Do you actually save 5% (assuming PS is 30%) by developing for the Apple ecosystem? (Assuming Metal is comparable to Unreal)


> Do you actually save 5% (assuming PS is 30%) by developing for the Apple ecosystem?

Probably not - assuming you're being smart and targeting multiple platforms, you're still going to be using Unreal/Unity. And even if you're only targeting the Mac, Unreal/Unity bring a lot more than rendering to the table, so you're probably still using either of them, all with a commercial license.

And unless you're doing distribution yourself, anywhere you put your game will take a percentage, pretty much all around 30%. Some places like itch.io let you define how much they take, but no one really uses itch.io for anything bigger than an indie game.


> And even if you're only targeting the Mac, Unreal/Unity bring a lot more than rendering to the table, so you're probably still using either of them, all with a commercial license.

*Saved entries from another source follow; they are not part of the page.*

Lemma vanish_below_lowdeg f : vanish_below (lowdeg f) f.
Proof.
move=> m lt; apply: memN_msupp_eq0; apply: contraTN lt => mf.
by rewrite -leqNgt; exact: (@ge_bigmin_seq _ nat _ _ _ _ predT mdeg mf).
Qed.

Lemma lowdeg_homog_sum d f g : f \is d.-homog -> f != 0 ->
  vanish_below d.+1 g -> lowdeg (f + g) = d.
Proof.
move=> homf nzf vg.
have vfg : vanish_below d (f + g).
  by apply: vanish_belowD; [apply: vanish_below_homog | apply: vanish_below_le vg].
have [m0 fm0] : exists m0, m0 \in msupp f.
  by move: nzf; rewrite -msupp_eq0; case: (msupp f) => // m0 s _; exists m0; rewrite mem_head.
have dm0 : mdeg m0 = d by apply: (dhomog_mf homf).
have fgm0 : m0 \in msupp (f + g).
  by rewrite mcoeff_msupp mcoeffD (vg m0) ?dm0 // addr0 -mcoeff_msupp.
apply/eqP; rewrite eqn_leq; apply/andP; split.
  by rewrite -dm0; exact: (@ge_bigmin_seq _ nat _ _ _ _ predT mdeg fgm0).
rewrite /lowdeg big_seq; apply: (@le_bigmin _ nat) => [|m fgm].
  by rewrite leEnat -dm0 ltnW // msize_mdeg_lt.
by rewrite leEnat leqNgt; apply: contraTN fgm => lt; rewrite mcoeff_msupp vfg ?eqxx.
Qed.

Lemma initf_homog_sum d f g : f \is d.-homog -> f != 0 ->
  vanish_below d.+1 g -> initf (f + g) = f.
Proof.
move=> homf nzf vg; rewrite /initf (lowdeg_homog_sum homf nzf vg).
by rewrite pihomogD pihomog_dE // (pihomog_vanish_below vg) ?addr0.
Qed.

Lemma initf0 : initf (0 : P) = 0.
Proof. by rewrite /initf pihomog0. Qed.

Lemma initf_homog d f : f \is d.-homog -> initf f = f.
Proof.
have [->|nzf] := eqVneq f 0; first by rewrite initf0.
by move=> homf; rewrite -{1}[f]addr0 (initf_homog_sum homf nzf) //; apply: vanish_below0.
Qed.

End VanishBelow.

(** * Monomial maps *)

Lemma mpolyX_neq0 (R : nzRingType) n (m : 'X_{1..n}) : ('X_[m] : {mpoly R[n]}) != 0.
Proof. by rewrite -msupp_eq0 msuppX. Qed.

Lemma sum_pick_ord k (F : 'I_k -> nat) (i0 : 'I_k) :
  (\sum_(i < k) (i == i0) * F i)%N = F i0.
Proof.
rewrite (bigD1 i0) //= eqxx mul1n big1 ?addn0 // => i /negbTE ->.
by rewrite mul0n.
Qed.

Depends, plenty of indies are doing alright with Apple's own gaming frameworks.


Very true. Comes down to if you already know (or want to learn) Swift.


>Scale and market power are what makes a monopolist, by definition. It doesn't matter if the terms have changed; what has changed since 2008 is the scale and power of Apple.

Anti-trust laws have specific conditions to meet such as predatory pricing, product tying, exclusive dealing, etc. It's not just a matter of market share and market power, they have to have obtained or maintained that market position unfairly. This sets a pretty high bar in a market with 2.5 major app platforms (Apple, Google and Amazon).